Purportedly the unused super-pricey ones at Disneyland will become the definitive lightsaber for kids of the 21st century, but my motor memory still thinks the green Qui-Gon Jinn one was the best lightsaber. Some of my friends bitched about that red button smack in the center of the hilt, merely I call up that's just because they didn't know how to moderat the thing. To me, this saber was perfect and when I pic my wrist a bound way, I can still conceive of myself holding it. The Clarence Day I lost this sabre during one of my many apartment moves in New York City is a tragic day. I just like I could remember when that was. I would be untruthful if I didn't oft fantasize approximately someone arriving on my doorstep in Portland, offering my old Episode I lightsaber to me the same way Rey does to Luke inThe Force Awakens. But, the reality is, I'm probably just going to take over to cough up the $50 bucks on eBay or Etsy.

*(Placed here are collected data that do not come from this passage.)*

(* Let $N\ge 3$, $p>1$, and let $r_1\le r_2\le\dots\le r_N$ be arbitrary points of $[0,1]$. Define $\tilde\sigma\in S_N$ by $$\tilde\sigma(i)=\begin{cases}2i-1 & \text{if } i\le (N+1)/2,\\ 2N-2i+2 & \text{if } i>(N+1)/2.\end{cases}$$ Then the Hamiltonian cycle $h[\tilde\sigma]=(r_{\tilde\sigma(1)},r_{\tilde\sigma(2)},\dots,r_{\tilde\sigma(N)},r_{\tilde\sigma(1)})$ is optimal: $E(h[\tilde\sigma])\le E(h)$ for every Hamiltonian cycle $h$ of $\mathcal K_N$. Equivalently, the minimal cost equals $|r_2-r_1|^p+|r_N-r_{N-1}|^p+\sum_{i=1}^{N-2}|r_{i+2}-r_i|^p$.
   Context: The points $r_1,\dots,r_N$ are the vertices of the complete graph $\mathcal K_N$. For $p\in\mathbb R$ the weight of the edge $\{r_i,r_j\}$ is $w_{ij}=|r_i-r_j|^p$, and the cost of a Hamiltonian cycle $h$ is $E(h)=\sum_{e\in h}w_e$. For a permutation $\sigma\in S_N$, $h[\sigma]$ denotes the Hamiltonian cycle with edges $\{r_{\sigma(i)},r_{\sigma(i+1)}\}$, $i=1,\dots,N$, where $\sigma(N+1):=\sigma(1)$. *)

From Stdlib Require Import Reals Lra Lia List Arith.
Import ListNotations.
Open Scope R_scope.

(* |x|^p for real p > 0, with the convention 0^p = 0
   (Stdlib's Rpower 0 p is exp (p * ln 0) = 1, so we guard it). *)
Definition abspow (x p : R) : R :=
  if Req_EM_T x 0 then 0 else Rpower (Rabs x) p.

Definition weight (p a b : R) : R := abspow (a - b) p.

Definition is_perm (N : nat) (s : nat -> nat) : Prop :=
  (forall i, (1 <= i <= N)%nat -> (1 <= s i <= N)%nat) /\
  (forall i j, (1 <= i <= N)%nat -> (1 <= j <= N)%nat -> s i = s j -> i = j).

Definition cyc_next (N i : nat) : nat := if Nat.eqb i N then 1%nat else S i.
(* Let $A$ be a double Poisson algebra and $(M,\{\!\{-,-\}\!\}_M)$ a double Poisson $A$-bimodule. Then the brackets $\{-,-\}_M=\mu_M\circ\{\!\{-,-\}\!\}_M$ and $\{-,-\}_{M,\natural}=\natural\circ\{-,-\}_M$ make $M$ and $M_\natural=M/[A,M]$, respectively, into Lie modules over the Lie algebra $(A_\natural,\{-,-\})$, where $A_\natural=A/[A,A]$ and $\{-,-\}=\mu\circ\{\!\{-,-\}\!\}$.
   Context: $A$ is a unital associative $k$-algebra and $\mu$ its multiplication. A double bracket on $A$ is a bilinear map $\{\!\{-,-\}\!\}:A\times A\to A\otimes A$ with $\{\!\{a,b\}\!\}=-\{\!\{b,a\}\!\}^\circ$ ($(u\otimes v)^\circ=v\otimes u$) and $\{\!\{a,bc\}\!\}=b\{\!\{a,c\}\!\}+\{\!\{a,b\}\!\}c$ for the outer bimodule structure $b(a_1\otimes a_2)c=ba_1\otimes a_2c$; the inner structure is $b*(a_1\otimes a_2)*c=a_1c\otimes ba_2$. With $\{\!\{a,b_1\otimes\cdots\otimes b_n\}\!\}_L=\{\!\{a,b_1\}\!\}\otimes b_2\otimes\cdots\otimes b_n$ and $\sigma_s(b_1\otimes\cdots\otimes b_n)=b_{s^{-1}(1)}\otimes\cdots\otimes b_{s^{-1}(n)}$, $A$ is a double Poisson algebra if $\{\!\{a,\{\!\{b,c\}\!\}\}\!\}_L+\sigma_{(123)}\{\!\{b,\{\!\{c,a\}\!\}\}\!\}_L+\sigma_{(132)}\{\!\{c,\{\!\{a,b\}\!\}\}\!\}_L=0$; then $\{-,-\}$ induces a Lie bracket on $A_\natural$. For an $A$-bimodule $M$, a double Poisson bracket on $M$ is a bilinear $\{\!\{-,-\}\!\}_M:A\times M\to(A\otimes M)\oplus(M\otimes A)$ with (i) $\{\!\{a,bm\}\!\}_M=\{\!\{a,b\}\!\}m+b\{\!\{a,m\}\!\}_M$, $\{\!\{a,mb\}\!\}_M=\{\!\{a,m\}\!\}_Mb+m\{\!\{a,b\}\!\}$; (ii) $\{\!\{ab,m\}\!\}_M=a*\{\!\{b,m\}\!\}_M+\{\!\{a,m\}\!\}_M*b$. Put $\{\!\{m,b\}\!\}_M=-(\{\!\{b,m\}\!\}_M)^\circ$; if $\{\!\{b,m\}\!\}_M=(b_1\otimes m_1)\oplus(m_2\otimes b_2)$ set $\{\!\{a,\{\!\{b,m\}\!\}_M\}\!\}_L=(\{\!\{a,b_1\}\!\}\otimes m_1)\oplus(\{\!\{a,m_2\}\!\}_M\otimes b_2)$, and $\{\!\{m,\{\!\{a,b\}\!\}\}\!\}_L=\{\!\{m,\{\!\{a,b\}\!\}'\}\!\}_M\otimes\{\!\{a,b\}\!\}''$. $M$ is a double Poisson $A$-bimodule if also (iii) $\{\!\{a,\{\!\{b,m\}\!\}_M\}\!\}_L+\sigma_{(123)}\{\!\{b,\{\!\{m,a\}\!\}_M\}\!\}_L+\sigma_{(132)}\{\!\{m,\{\!\{a,b\}\!\}\}\!\}_L=0$. $\mu_M$ is the bimodule action map $(A\otimes M)\oplus(M\otimes A)\to M$ and $\natural:M\to M_\natural$ the projection. $\{-,-\}_M$ induces a map $A_\natural\times M\to M$ and $\{-,-\}_{M,\natural}$ a map $A_\natural\times M_\natural\to M_\natural$. *)

(* Tensor products are represented by finite lists of pure
   tensors; equality in the tensor product is characterised by its universal
   property (equal images under every k-multilinear map into every k-module). *)
From HB Require Import structures.
From mathcomp Require Import all_boot all_algebra.
Set Implicit Arguments. Unset Strict Implicit. Unset Printing Implicit Defensive.
Import GRing.Theory.
Local Open Scope ring_scope.
(* Let $X$ be a compact metric space, $f_1,f_2:X\to X$ continuous and $F=\{f_1,f_2\}$. If $F$ has the (Hausdorff metric) average shadowing property, then $F^k$ has the average shadowing property for every integer $k>1$.
   Context: Throughout, $(X,d)$ is a compact metric space, $\mathbb{N}=\{0,1,2,\dots\}$, $\mathbb{Z}^+=\{1,2,\dots\}$. $\mathbb{K}(X)$ is the set of nonempty compact subsets of $X$ with the Hausdorff metric $d_H(A,B)=\max\{\sup_{a\in A}\inf_{b\in B}d(a,b),\sup_{b\in B}\inf_{a\in A}d(a,b)\}$; a point $x$ is identified with $\{x\}$. Multiple mappings: $F=\{f_1,f_2\}$ maps $x$ to $F(x)=\{f_1(x),f_2(x)\}$; for $n\ge1$, $F^n(x)=\{f_{i_1}\cdots f_{i_n}(x): i_1,\dots,i_n\in\{1,2\}\}$, $F^0(x)=\{x\}$; for $A\in\mathbb{K}(X)$, $F^n(A)=\bigcup_{a\in A}F^n(a)$. For $k\ge1$, $F^k$ is regarded as the multiple mappings consisting of the $2^k$ maps $f_{i_1}\cdots f_{i_k}$, so $(F^k)^n=F^{kn}$. Average shadowing: for $G=F$ or $G=F^k$, a sequence $\{A_n\}_{n\ge0}\subset\mathbb{K}(X)$ with $A_0$ a singleton is a $\delta$-average-pseudo-orbit of $G$ if there is $N(\delta)>0$ such that for all $n\ge N(\delta)$ and all $m\in\mathbb{Z}^+$, $\frac1n\sum_{i=0}^{n-1}d_H(G(A_{i+m}),A_{i+m+1})<\delta$. $G$ has the average shadowing property if for every $\epsilon>0$ there is $\delta>0$ such that for every $\delta$-average-pseudo-orbit $\{A_n\}$ of $G$ there is $y\in X$ with $\limsup_{n\to\infty}\frac1n\sum_{i=0}^{n-1}d_H(G^i(y),A_i)<\epsilon$. *)

From Stdlib Require List.
From mathcomp Require Import all_boot all_order all_algebra.
From mathcomp Require Import all_classical all_reals all_analysis.
Set Implicit Arguments. Unset Strict Implicit. Unset Printing Implicit Defensive.
Import Order.TTheory GRing.Theory Num.Theory.
Local Open Scope classical_set_scope.
Local Open Scope ring_scope.

Section MetricDefs.
Variables (R : realType) (X : Type) (d : X -> X -> R).

Definition is_metric : Prop :=
  (forall x y, d x y = 0 <-> x = y) /\
  (forall x y, d x y = d y x) /\
  (forall x y z, d x z <= d x y + d y z).

Definition d_converges (u : nat -> X) (l : X) : Prop :=
  forall eps : R, 0 < eps -> exists N : nat, forall n, (N <= n)%N -> d (u n) l < eps.

Definition d_compact (S : set X) : Prop :=
  forall u : nat -> X, (forall n, S (u n)) ->
    exists (phi : nat -> nat) (l : X),
      (forall n, (phi n < phi n.+1)%N) /\ S l /\ d_converges (u \o phi) l.

Definition d_continuous (f : X -> X) : Prop :=
  forall x (eps : R), 0 < eps -> exists2 delta : R, 0 < delta &
    forall y, d x y < delta -> d (f x) (f y) < eps.

Definition in_KX (A : set X) : Prop := A !=set0 /\ d_compact A.

Definition hausdorff (A B : set X) : R :=
  Num.max (sup [set inf [set d a b | b in B] | a in A])
          (sup [set inf [set d a b | a in A] | b in B]).

Definition mm_img (G : seq (X -> X)) (A : set X) : set X :=
  [set y | exists2 g, Stdlib.Lists.List.In g G & exists2 a, A a & y = g a].

Fixpoint mm_iter (G : seq (X -> X)) (n : nat) : seq (X -> X) :=
  match n with
  | 0 => [:: id]
  | n'.+1 => [seq g \o h | g <- G, h <- mm_iter G n']
  end.

Definition avg_pseudo_orbit (G : seq (X -> X)) (delta : R) (A : nat -> set X) : Prop :=
  (forall n, in_KX (A n)) /\ (exists x, A 0%N = [set x]) /\
  exists N : nat, (0 < N)%N /\
    forall n m : nat, (N <= n)%N -> (0 < m)%N ->
      n%:R^-1 * \sum_(i < n) hausdorff (mm_img G (A (i + m)%N)) (A (i + m).+1)
        < delta.

Definition avg_shadowing (G : seq (X -> X)) : Prop :=
  forall eps : R, 0 < eps -> exists2 delta : R, 0 < delta &
    forall A : nat -> set X, avg_pseudo_orbit G delta A ->
      exists y : X,
        (limn_esup (fun n : nat =>
           (n%:R^-1 * \sum_(i < n) hausdorff (mm_img (mm_iter G i) [set y]) (A i))%:E)
         < eps%:E)%E.

End MetricDefs.

From mathcomp Require Import all_boot all_order all_algebra zify.
From mathcomp Require Import all_classical all_reals all_analysis lra.
Import Order.TTheory GRing.Theory Num.Theory.
Local Open Scope classical_set_scope.
Local Open Scope ring_scope.
Set Implicit Arguments. Unset Strict Implicit.

(* Given a (delta/2)-average-pseudo-orbit (A_i) of F^k, fill each gap with
   F-images: B_j = F^(j mod k)(A_(j div k)).  Within a block B_(j+1) = F(B_j)
   exactly, so the only jumps of B are the jumps d_H(F^k(A_i), A_(i+1)) of A,
   sitting at the positions j = k-1 (mod k); a window of length n of B thus
   covers at most n consecutive jumps of A, and its average is at most the
   average for A plus O(1/n).  Hence B is a delta-average-pseudo-orbit of F.
   A point y which (eps/k)-shadows B on average eps-shadows A under F^k:
   B_(k i) = A_i and (F^k)^i(y) = F^(k i)(y), and keeping only the indices
   that are multiples of k loses at most a factor k in the averages. *)

Lemma In_allpairs (T : Type) (G H : seq (T -> T)) (f : T -> T) :
  List.In f [seq g \o h | g <- G, h <- H] <->
  exists g h, [/\ List.In g G, List.In h H & f = g \o h].
Proof.
elim: G => [|a G IH] /=; first by split => // -[g [h []]].
rewrite List.in_app_iff IH List.in_map_iff; split.
- case=> [[h [<- hH]]|[g [h [gG hH ->]]]]; first by exists a, h; split; [left|..].
  by exists g, h; split; [right|..].
- case=> g [h [[<-|gG] hH ->]]; first by left; exists h.
  by right; exists g, h.
Qed.

Lemma mm_img_cons (T : Type) (g : T -> T) (G : seq (T -> T)) (S : set T) :
  mm_img (g :: G) S = g @` S `|` mm_img G S.
Proof.
apply/seteqP; split => x /=.
- by case=> h [<-|hG] aS; [left; case: aS => a Sa ->; exists a|right; exists h].
- case=> [[a Sa <-]|[h hG aS]]; first by exists g; [left|exists a].
  by exists h; [right|].
Qed.

Lemma mm_img_iter (T : Type) (G : seq (T -> T)) n (S : set T) :
  mm_img (mm_iter G n) S = iter n (mm_img G) S.
Proof.
elim: n S => [|n IH] S /=; apply/seteqP; split => x /=.
- by case=> g [<-|[]] [a Sa ->].
- by move=> Sx; exists id; [left|exists x].
- case=> f /In_allpairs [g [h [gG hH ->]]] [a Sa ->].
  by exists g => //; exists (h a) => //; rewrite -IH; exists h => //; exists a.
- case=> g gG [b]; rewrite -IH => -[h hH [a Sa ->]] ->.
  by exists (g \o h); [apply/In_allpairs; exists g, h|exists a].
Qed.

Lemma mm_img_iter_mul (T : Type) (G : seq (T -> T)) k i (S : set T) :
  mm_img (mm_iter (mm_iter G k) i) S = mm_img (mm_iter G (k * i)) S.
Proof.
have iterk : mm_img (mm_iter G k) = iter k (mm_img G).
  by apply/funext => U; exact: mm_img_iter.
by rewrite !mm_img_iter iterk mulnC iterM.
Qed.

Section SupInf.
Variables (R : realType) (E : set R) (D : R).
Hypotheses (D0 : 0 <= D) (ED : forall x, E x -> 0 <= x <= D).

Lemma sup_ge0_le : 0 <= sup E <= D.
Proof.
have [->|/set0P [x Ex]] := eqVneq E set0; first by rewrite sup0 lexx.
have /andP[x0 _] := ED Ex.
apply/andP; split; last by apply: ge_sup; [exists x|move=> y /ED /andP[]].
by apply: le_trans x0 (ub_le_sup _ Ex); exists D => y /ED /andP[].
Qed.

Lemma inf_ge0_le : 0 <= inf E <= D.
Proof.
have [->|/set0P [x Ex]] := eqVneq E set0; first by rewrite inf0 lexx.
have /andP[_ xD] := ED Ex.
apply/andP; split; first by apply: lb_le_inf; [exists x|move=> y /ED /andP[]].
by apply: le_trans xD; apply: ge_inf => //; exists 0 => y /ED /andP[].
Qed.

End SupInf.

Section MetricSpace.
Variables (R : realType) (X : Type) (d : X -> X -> R).
Hypothesis hd : is_metric d.

Lemma d_ge0 x y : 0 <= d x y.
Proof.
case: hd => h0 [hs ht]; have := ht x y x.
rewrite (proj2 (h0 x x) erefl) (hs y x); lra.
Qed.

Lemma d_compact_bounded (x0 : X) :
  d_compact d setT -> exists D, 0 <= D /\ forall x y, d x y <= D.
Proof.
case: hd => _ [hs ht] hX.
suff [M hM] : exists M, forall y, d x0 y <= M.
  exists (M + M); split; first by rewrite addr_ge0 // (le_trans (d_ge0 x0 x0)).
  by move=> x y; apply: le_trans (ht x x0 y) _; rewrite hs lerD.
apply: contrapT => /forallNP unbounded.
have /choice [u hu] : forall n : nat, exists y, n%:R < d x0 y.
  by move=> n; have /existsNP [y /negP] := unbounded n%:R; rewrite -ltNge; exists y.
have [phi [l [phi_incr [_ ul]]]] := hX u (fun _ => I).
have [N hN] := ul 1 ltr01.
pose C := d x0 l + 1.
have C0 : 0 <= C by rewrite addr_ge0 ?d_ge0.
pose n := maxn N (Num.bound C).
have phi_ge m : (m <= phi m)%N.
  by elim: m => // m IH; exact: leq_ltn_trans IH (phi_incr m).
have : d x0 (u (phi n)) < C.
  by apply: le_lt_trans (ht x0 l _) _; rewrite ltrD2l hs hN ?leq_maxl.
apply/negP; rewrite -leNgt; apply: le_trans (ltW (hu _)).
apply: le_trans (ltW (archi_boundP C0)) _.
by rewrite ler_nat (leq_trans (leq_maxr N _) (phi_ge n)).
Qed.
Lemma tropKP_bend w : berk v iR w ->
  trop w = trop_of_hom (bend_precomp MB (bend_hom_of setT w)).
Proof.
move=> bw; rewrite -trop_of_bend_hom_of //; congr trop_of_hom.
apply/funext => X; rewrite /bend_precomp /bend_incl bend_hom_of_cls //.
exact: valid_sub (rep_valid (X := X)).
Qed.

Lemma bend_hom_Bbullet f : bend_hom f -> exists2 w, berk v iR w & f = bend_hom_of MB w.
Proof.
move=> hf.
have [w [w_ge0 w1 wM wD wMB]] := mult_seminorm_extension Bbullet0 Bbullet1
  Bbullet_mul (fun m _ => hom_val_ge0 hf m) (hom_val1 hf) (hom_valM hf)
  (hom_val_bend Bbullet1 hf) Bbullet_sum.
exists w.
  have MiR c : MB (iR c) by exists c, A0_one; rewrite e_one mulr1 hpik.
  have w0 : w 0 = 0 by rewrite (wMB _ Bbullet0) (hom_val0 Bbullet1 hf Bbullet0).
  have wk c : w (iR c) = v c by rewrite (wMB _ (MiR c)) (hom_val_iR hv Bbullet1 hf (MiR c)).
  exact: (conj w_ge0 (conj w0 (conj w1 (conj wM (conj wD wk))))).
apply/funext => X; rewrite -[in LHS](cls_rep X) (hom_cls_fmax Bbullet1 hf (rep_valid (X := X))).
by apply: eq_in_fmax => p /(rep_valid (X := X)) [_ Mp]; rewrite wMB.
Qed.

Lemma Bbullet_decomp_ex r : exists ca : k * A0 gens, MB r -> r = pi (iP ca.1 * e ca.2).
Proof. by case: (pselect (MB r)) => [[c [a ->]]|nM]; [exists (c, a)|exists (0, A0_one)]. Qed.

Definition Bbullet_decomp (r : R) : k * A0 gens := proj1_sig (cid (Bbullet_decomp_ex r)).

Lemma Bbullet_decompP r : MB r -> r = pi (iP (Bbullet_decomp r).1 * e (Bbullet_decomp r).2).
Proof. exact: (proj2_sig (cid (Bbullet_decomp_ex r))). Qed.

Definition hom_of_trop (u : {ptws A0 gens -> K}) : {ptws bend v iR MB -> K} :=
  bend_hom_of MB (fun r => u (Bbullet_decomp r).2 * v (Bbullet_decomp r).1).

Lemma hom_of_trop_continuous : continuous hom_of_trop.
Proof.
apply: continuous_into_ptws => X; apply: continuous_fmax => r u.
exact: cvgMr_tmp (@ptws_eval_continuous _ K (Bbullet_decomp r).2 u).
Qed.

Lemma hom_of_tropKP w : berk v iR w -> hom_of_trop (trop w) = bend_hom_of MB w.
Proof.
move=> bw; apply/funext => X; apply: eq_in_fmax => p /(rep_valid (X := X)) [_ Mp].
by rewrite [in RHS](Bbullet_decompP Mp) berk_Bbullet // mulrC.
Qed.

Lemma trop_homeo :
  homeo_on [set f : {ptws bend v iR MB -> K} | bend_hom f]
    (trop @` [set w | berk v iR w]) trop_of_hom.
Proof.
split; first by move=> f /bend_hom_Bbullet [w bw ->]; exists w; rewrite ?trop_of_bend_hom_of.
exists hom_of_trop; split.
- move=> _ [w bw <-]; rewrite hom_of_tropKP //.
  exact: bend_hom_of_hom Bbullet1 Bbullet_mul bw.
- by move=> f /bend_hom_Bbullet [w bw ->]; rewrite trop_of_bend_hom_of // hom_of_tropKP.
- by move=> _ [w bw <-]; rewrite hom_of_tropKP // trop_of_bend_hom_of.
- exact/continuous_subspaceT/trop_of_hom_continuous.
- exact/continuous_subspaceT/hom_of_trop_continuous.
Qed.

End Toric.

Unset Implicit Arguments.
Set Strict Implicit.

Theorem theoremC (K : realType) (k : fieldType) (v : k -> K)
  (hv : nonarch_abs v)
  (n : nat) (gens : seq 'rV[int]_n)
  (P : comPzRingType) (iP : {rmorphism k -> P}) (e : A0 gens -> P)
  (he : is_monoid_algebra iP e)
  (R : comPzRingType) (iR : {rmorphism k -> R})
  (pi : {rmorphism P -> R}) (hpik : forall c, pi (iP c) = iR c)
  (hpis : forall r : R, exists p : P, pi p = r) :
  let Yan := [set w : {ptws R -> K} | berk v iR w] in
  let trop := tropKP (K := K) pi e in
  let Trop := trop @` Yan in
  let MB := Bbullet iP pi e in
  let HomR := [set f : {ptws bend v iR setT -> K} | bend_hom f] in
  let HomB := [set f : {ptws bend v iR MB -> K} | bend_hom f] in
  let Psi := fun f : {ptws bend v iR MB -> K} =>
    ((fun a : A0 gens => f (cls v iR MB [:: (1, pi (e a))])) : {ptws A0 gens -> K}) in
  let pre := fun f : {ptws bend v iR setT -> K} =>
    ((fun X : bend v iR MB => f (bend_incl X)) : {ptws bend v iR MB -> K}) in
  (* (1) Y^an is homeomorphic to Hom_T(Bend_v(R), T) via w |-> (r (x) t |-> w(r) t) *)
  (exists Phi : {ptws R -> K} -> {ptws bend v iR setT -> K},
     [/\ homeo_on Yan HomR Phi,
         (forall w, Yan w -> forall (r : R) (t : K), 0 <= t ->
            Phi w (cls v iR setT [:: (t, r)]) = w r * t) &
     (* (3) commutativity of the square *)
         (forall w, Yan w -> trop w = Psi (pre (Phi w)))])
  (* (2) Trop^KP(Y) is homeomorphic to Hom_T(Bend_v(B), T) via Psi *)
  /\ homeo_on HomB Trop Psi
  (* (3) the top and bottom arrows are continuous maps between these spaces *)
  /\ ((forall w, Yan w -> Trop (trop w)) /\ {within Yan, continuous trop})
  /\ ((forall f, HomR f -> HomB (pre f)) /\ {within HomR, continuous pre}).
Proof.
move=> Yan trop Trop MB HomR HomB Psi pre.
split.
  exists (@bend_hom_of K k v R iR setT); split.
  - exact: berk_homeo_bend.
  - move=> w bw r t t0; rewrite bend_hom_of_cls //; last exact: valid1.
    by case: bw => w_ge0 _; rewrite fmax1 // mulr_ge0.
  - exact: tropKP_bend.
split; first exact: trop_homeo.
split; first by split; [move=> w bw; exists w|exact/continuous_subspaceT/tropKP_continuous].
split; first by move=> f; exact: bend_precomp_Bbullet_hom.
exact/continuous_subspaceT/bend_precomp_continuous.
Qed.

https://i.imgur.com/zp0Pjqh.jpg

Deferred payment: Imgur/Hasbro

In fairness, there's i Phantasma Peritoy that's hard to guard: That candy where you licked Jar Shake up's tongue to eat it. Only, I'm going to go ahead and say this "toy" was great because there's absolutely nobelium way you can imagine the tightly controlled Disney/Star Wars Empire making this kind of writ large marketing blunder out at once. I mean, you just can't image an officially marketed Kylo Ren candy where the candy is Adam Driver's tongue. This wouldnever happen now.

Which might comprise the greatest conclude to embrace your nostalgia of all the weird shit that came taboo in 1999 to promoteStar Wars Episode I: The Phantom Menace. This was a rowdy-stern time for Star Wars, full of untested ideas, speaking shaping, and lightsabers that you'd ne'er forget. For those of United States World Health Organization lived through with IT, IT turns out we were spoiled. The newer Star Wars movies might cost better, but because toys scarce don't matter as some straight off as they did so,the only edition of Star Wars now is the one we see on screens. The Star Wars we played with belongs to chronicle.